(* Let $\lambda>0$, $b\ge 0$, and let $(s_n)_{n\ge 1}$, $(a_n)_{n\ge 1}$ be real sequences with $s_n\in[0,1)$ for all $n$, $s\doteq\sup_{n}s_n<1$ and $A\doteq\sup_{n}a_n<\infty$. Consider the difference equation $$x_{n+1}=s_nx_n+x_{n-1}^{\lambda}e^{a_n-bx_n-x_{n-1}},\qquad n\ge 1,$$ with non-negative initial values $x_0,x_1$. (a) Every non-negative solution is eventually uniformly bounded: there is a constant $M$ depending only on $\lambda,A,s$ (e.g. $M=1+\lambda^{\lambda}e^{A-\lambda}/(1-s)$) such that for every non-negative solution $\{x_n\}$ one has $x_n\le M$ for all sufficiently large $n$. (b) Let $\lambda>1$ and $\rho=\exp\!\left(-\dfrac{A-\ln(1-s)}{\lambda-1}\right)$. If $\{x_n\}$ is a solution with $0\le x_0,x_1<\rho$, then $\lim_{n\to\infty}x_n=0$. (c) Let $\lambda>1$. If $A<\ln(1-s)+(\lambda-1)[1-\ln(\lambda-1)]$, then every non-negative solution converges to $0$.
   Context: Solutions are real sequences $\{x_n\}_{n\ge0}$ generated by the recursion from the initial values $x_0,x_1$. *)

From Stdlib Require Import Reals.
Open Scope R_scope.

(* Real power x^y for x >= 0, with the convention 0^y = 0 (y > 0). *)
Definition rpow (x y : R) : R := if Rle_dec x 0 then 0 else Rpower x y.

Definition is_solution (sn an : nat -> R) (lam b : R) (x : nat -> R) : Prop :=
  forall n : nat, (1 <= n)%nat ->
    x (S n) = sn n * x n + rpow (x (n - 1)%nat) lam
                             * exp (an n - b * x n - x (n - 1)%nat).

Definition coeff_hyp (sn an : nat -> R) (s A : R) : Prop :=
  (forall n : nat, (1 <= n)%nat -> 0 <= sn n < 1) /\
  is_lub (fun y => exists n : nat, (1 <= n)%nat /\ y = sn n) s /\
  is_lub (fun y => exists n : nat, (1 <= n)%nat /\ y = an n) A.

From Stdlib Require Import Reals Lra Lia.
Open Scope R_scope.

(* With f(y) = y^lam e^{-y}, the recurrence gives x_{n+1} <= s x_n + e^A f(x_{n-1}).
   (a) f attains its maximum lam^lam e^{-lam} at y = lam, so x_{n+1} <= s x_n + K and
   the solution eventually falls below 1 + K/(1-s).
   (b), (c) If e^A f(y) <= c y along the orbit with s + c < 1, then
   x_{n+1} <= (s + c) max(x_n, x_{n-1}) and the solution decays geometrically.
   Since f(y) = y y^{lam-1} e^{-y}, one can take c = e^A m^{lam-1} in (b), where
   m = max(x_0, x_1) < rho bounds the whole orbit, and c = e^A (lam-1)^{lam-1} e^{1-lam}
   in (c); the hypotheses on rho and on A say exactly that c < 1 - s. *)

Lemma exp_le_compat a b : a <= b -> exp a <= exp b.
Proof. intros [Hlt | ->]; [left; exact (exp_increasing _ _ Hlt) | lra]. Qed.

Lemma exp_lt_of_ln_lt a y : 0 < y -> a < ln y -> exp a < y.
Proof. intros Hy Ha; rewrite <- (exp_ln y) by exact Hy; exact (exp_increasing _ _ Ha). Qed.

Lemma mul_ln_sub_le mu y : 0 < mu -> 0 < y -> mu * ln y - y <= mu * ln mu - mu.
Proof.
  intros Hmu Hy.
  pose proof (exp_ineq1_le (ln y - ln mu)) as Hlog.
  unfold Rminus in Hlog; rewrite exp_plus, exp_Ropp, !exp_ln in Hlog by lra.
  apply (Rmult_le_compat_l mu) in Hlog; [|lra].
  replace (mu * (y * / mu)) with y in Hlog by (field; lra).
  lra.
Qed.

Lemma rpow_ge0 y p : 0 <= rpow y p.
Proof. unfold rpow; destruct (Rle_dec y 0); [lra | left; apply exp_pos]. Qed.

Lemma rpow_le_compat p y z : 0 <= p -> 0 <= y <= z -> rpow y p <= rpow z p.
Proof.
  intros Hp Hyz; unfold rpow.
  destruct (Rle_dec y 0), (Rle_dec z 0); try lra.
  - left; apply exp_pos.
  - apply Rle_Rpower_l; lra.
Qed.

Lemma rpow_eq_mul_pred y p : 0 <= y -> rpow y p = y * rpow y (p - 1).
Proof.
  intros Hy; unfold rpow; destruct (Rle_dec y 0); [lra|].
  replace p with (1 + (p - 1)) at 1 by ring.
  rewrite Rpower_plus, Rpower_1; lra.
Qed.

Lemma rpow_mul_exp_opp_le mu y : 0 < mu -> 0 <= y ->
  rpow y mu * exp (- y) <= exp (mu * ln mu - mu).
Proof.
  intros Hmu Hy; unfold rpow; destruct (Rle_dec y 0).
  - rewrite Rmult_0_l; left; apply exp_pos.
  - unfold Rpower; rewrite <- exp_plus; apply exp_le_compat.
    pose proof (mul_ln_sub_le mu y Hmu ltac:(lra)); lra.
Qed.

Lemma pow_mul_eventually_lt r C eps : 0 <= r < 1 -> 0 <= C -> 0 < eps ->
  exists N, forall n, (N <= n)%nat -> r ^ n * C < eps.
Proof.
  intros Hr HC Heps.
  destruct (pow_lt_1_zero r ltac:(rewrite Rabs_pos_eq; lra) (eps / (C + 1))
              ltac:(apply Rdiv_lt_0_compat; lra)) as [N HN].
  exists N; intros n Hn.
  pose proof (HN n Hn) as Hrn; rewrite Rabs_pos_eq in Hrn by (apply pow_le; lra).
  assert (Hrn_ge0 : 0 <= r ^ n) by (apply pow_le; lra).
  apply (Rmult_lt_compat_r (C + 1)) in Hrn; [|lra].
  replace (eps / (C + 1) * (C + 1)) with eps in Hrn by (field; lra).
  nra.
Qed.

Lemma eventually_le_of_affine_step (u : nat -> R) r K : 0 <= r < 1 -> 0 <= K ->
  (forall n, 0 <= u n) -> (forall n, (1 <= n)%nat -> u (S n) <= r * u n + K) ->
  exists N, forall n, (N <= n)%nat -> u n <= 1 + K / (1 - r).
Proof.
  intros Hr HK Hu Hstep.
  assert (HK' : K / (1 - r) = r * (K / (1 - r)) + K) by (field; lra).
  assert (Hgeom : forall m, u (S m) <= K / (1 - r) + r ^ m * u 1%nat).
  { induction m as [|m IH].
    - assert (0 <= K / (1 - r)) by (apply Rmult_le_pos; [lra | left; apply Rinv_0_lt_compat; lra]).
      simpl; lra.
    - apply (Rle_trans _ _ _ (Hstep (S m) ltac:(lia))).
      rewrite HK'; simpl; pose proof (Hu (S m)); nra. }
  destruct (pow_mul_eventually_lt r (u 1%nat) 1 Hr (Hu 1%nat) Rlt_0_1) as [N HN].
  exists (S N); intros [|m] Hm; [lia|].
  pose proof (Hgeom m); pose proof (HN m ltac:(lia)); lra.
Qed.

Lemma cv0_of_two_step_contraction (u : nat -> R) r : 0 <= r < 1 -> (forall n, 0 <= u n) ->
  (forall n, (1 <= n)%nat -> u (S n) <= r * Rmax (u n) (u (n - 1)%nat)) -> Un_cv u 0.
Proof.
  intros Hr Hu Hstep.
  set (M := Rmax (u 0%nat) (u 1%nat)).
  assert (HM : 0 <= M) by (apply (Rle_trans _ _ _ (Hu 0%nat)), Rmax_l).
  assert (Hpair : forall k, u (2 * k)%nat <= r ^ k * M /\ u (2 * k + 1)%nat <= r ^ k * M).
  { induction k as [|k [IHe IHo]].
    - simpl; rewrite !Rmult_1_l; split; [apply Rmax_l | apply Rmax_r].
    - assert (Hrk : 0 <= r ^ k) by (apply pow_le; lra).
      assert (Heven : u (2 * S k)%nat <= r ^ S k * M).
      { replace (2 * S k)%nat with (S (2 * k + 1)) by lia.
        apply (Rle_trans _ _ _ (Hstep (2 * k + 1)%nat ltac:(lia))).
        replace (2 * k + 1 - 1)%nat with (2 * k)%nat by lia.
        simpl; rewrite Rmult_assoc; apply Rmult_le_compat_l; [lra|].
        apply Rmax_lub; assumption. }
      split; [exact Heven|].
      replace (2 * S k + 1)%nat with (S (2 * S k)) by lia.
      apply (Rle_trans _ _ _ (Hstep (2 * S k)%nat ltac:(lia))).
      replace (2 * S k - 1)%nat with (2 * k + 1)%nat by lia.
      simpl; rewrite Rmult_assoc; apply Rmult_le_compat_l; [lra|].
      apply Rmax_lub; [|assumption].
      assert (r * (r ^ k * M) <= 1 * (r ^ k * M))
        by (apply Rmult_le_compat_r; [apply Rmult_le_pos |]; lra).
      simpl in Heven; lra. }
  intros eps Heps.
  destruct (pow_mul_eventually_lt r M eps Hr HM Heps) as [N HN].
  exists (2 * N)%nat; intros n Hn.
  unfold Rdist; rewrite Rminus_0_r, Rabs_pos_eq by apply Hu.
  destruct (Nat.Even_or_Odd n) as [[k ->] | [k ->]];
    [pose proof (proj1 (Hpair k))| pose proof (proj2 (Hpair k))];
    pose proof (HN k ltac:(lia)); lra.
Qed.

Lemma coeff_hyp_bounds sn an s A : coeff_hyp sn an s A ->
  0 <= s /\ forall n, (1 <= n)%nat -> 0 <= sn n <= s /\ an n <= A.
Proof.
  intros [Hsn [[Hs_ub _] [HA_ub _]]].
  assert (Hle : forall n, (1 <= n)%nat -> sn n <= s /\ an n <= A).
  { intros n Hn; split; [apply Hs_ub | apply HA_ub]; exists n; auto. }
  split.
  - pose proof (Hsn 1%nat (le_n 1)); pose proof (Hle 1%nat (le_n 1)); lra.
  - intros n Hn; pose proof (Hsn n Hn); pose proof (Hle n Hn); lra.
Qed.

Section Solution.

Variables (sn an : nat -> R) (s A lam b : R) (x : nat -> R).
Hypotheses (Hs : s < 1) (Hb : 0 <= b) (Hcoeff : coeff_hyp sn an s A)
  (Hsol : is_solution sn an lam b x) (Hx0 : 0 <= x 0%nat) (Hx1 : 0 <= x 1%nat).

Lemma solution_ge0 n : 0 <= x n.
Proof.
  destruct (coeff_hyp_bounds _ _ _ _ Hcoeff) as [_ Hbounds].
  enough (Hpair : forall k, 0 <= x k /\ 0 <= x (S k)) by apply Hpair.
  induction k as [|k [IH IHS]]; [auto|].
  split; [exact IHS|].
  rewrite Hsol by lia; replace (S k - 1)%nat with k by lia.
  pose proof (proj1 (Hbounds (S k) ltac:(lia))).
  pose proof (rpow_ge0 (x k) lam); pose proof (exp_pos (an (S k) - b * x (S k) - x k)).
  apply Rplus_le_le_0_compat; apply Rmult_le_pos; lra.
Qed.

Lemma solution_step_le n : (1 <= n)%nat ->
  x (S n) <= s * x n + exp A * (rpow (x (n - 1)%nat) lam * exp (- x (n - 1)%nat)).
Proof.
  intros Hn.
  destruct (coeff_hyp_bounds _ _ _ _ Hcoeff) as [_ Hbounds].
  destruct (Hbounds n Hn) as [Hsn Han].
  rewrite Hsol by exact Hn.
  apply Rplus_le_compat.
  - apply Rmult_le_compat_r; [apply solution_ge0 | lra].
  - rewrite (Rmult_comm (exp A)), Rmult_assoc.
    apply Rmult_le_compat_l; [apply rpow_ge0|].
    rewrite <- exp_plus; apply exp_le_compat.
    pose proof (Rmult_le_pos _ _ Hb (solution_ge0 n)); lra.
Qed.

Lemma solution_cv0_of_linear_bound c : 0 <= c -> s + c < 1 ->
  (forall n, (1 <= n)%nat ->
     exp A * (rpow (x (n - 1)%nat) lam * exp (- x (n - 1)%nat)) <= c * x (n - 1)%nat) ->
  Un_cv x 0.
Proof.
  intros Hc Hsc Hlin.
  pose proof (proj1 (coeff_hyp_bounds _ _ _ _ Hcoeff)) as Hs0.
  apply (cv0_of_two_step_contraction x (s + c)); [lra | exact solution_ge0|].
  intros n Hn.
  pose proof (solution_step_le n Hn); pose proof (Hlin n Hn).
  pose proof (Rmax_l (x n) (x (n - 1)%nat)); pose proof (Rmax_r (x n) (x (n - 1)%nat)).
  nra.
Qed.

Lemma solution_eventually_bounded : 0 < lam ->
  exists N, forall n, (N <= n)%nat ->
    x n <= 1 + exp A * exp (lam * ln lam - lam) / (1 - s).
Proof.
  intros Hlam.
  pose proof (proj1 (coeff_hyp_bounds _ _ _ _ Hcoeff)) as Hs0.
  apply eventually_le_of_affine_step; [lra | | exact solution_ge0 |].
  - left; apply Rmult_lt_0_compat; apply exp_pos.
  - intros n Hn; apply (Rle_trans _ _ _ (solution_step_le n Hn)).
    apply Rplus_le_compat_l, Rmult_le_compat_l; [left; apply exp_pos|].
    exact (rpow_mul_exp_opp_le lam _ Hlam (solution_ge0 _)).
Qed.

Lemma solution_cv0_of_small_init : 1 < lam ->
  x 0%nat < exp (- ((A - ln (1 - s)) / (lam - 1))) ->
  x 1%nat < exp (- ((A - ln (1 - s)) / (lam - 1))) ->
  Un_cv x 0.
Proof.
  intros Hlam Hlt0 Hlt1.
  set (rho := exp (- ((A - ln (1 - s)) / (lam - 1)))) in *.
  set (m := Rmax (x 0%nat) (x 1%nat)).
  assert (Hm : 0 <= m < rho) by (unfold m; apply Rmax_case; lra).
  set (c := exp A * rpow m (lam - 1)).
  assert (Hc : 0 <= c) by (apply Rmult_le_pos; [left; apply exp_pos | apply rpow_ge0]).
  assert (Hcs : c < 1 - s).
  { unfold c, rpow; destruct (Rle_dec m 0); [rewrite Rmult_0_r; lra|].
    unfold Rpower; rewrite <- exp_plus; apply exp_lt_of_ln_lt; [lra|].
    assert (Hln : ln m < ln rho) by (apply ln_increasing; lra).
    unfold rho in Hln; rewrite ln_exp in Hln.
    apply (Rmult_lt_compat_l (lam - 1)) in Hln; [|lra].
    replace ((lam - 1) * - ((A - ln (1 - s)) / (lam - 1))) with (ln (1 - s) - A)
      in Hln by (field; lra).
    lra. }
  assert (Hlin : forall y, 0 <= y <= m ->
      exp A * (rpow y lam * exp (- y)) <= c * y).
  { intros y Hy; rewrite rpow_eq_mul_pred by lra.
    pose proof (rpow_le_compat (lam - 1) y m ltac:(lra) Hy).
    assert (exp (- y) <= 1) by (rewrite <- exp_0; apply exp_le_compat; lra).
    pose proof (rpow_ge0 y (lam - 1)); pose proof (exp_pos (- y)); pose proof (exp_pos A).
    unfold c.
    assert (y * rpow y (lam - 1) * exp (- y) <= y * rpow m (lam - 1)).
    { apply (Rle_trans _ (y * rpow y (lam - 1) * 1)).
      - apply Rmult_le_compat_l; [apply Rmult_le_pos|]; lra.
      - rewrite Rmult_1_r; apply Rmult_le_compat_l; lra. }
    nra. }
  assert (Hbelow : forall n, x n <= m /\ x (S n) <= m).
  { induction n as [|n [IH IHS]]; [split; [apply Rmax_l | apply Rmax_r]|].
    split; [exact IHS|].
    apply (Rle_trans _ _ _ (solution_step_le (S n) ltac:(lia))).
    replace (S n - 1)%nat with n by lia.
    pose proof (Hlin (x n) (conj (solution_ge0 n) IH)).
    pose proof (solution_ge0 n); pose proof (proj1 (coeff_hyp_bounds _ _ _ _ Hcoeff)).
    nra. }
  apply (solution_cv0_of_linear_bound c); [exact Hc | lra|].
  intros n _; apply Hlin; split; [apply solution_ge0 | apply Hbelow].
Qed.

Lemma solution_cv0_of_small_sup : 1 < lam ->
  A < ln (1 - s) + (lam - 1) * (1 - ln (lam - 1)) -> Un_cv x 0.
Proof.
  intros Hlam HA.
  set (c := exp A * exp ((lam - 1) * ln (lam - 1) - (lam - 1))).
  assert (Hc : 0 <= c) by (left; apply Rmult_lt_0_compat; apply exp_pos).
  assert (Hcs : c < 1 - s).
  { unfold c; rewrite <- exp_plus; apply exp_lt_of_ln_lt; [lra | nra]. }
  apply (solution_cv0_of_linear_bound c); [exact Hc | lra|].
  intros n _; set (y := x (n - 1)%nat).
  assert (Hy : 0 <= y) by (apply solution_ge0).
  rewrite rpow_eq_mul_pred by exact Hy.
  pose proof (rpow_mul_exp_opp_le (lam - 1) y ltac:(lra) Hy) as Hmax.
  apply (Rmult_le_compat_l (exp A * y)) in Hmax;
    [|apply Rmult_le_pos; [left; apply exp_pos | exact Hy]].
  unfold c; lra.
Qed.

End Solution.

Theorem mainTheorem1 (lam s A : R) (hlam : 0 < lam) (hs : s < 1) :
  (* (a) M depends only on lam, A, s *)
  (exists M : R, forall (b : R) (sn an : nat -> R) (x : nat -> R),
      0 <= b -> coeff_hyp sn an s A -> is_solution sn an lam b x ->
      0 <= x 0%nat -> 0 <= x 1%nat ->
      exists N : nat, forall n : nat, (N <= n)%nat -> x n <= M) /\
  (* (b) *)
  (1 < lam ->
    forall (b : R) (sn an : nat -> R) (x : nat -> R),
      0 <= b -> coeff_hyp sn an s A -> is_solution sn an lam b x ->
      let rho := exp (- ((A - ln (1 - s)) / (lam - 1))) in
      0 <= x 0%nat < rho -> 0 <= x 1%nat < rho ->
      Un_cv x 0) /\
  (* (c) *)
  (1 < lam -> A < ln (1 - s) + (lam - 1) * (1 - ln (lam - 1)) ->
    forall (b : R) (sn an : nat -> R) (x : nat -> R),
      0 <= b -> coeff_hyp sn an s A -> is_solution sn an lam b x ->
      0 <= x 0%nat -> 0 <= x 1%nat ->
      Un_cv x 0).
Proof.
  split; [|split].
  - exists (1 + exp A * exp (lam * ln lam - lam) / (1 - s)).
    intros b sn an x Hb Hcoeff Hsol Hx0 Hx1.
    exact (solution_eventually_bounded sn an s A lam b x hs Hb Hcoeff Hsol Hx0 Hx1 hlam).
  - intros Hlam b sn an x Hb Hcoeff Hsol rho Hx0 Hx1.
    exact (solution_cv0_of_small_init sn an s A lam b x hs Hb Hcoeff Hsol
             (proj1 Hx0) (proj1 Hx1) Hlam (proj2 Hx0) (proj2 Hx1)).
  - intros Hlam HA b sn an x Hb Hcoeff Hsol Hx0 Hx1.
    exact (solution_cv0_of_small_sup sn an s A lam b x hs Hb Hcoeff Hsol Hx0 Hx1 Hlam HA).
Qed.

Work to complete: Only the lines from the one containing "intros b sn an x Hb Hcoeff Hsol Hx0 Hx1." to the end of the records should be repeated, exactly as they appear.

Expected answer:
    intros b sn an x Hb Hcoeff Hsol Hx0 Hx1.
    exact (solution_eventually_bounded sn an s A lam b x hs Hb Hcoeff Hsol Hx0 Hx1 hlam).
  - intros Hlam b sn an x Hb Hcoeff Hsol rho Hx0 Hx1.
    exact (solution_cv0_of_small_init sn an s A lam b x hs Hb Hcoeff Hsol
             (proj1 Hx0) (proj1 Hx1) Hlam (proj2 Hx0) (proj2 Hx1)).
  - intros Hlam HA b sn an x Hb Hcoeff Hsol Hx0 Hx1.
    exact (solution_cv0_of_small_sup sn an s A lam b x hs Hb Hcoeff Hsol Hx0 Hx1 Hlam HA).
Qed.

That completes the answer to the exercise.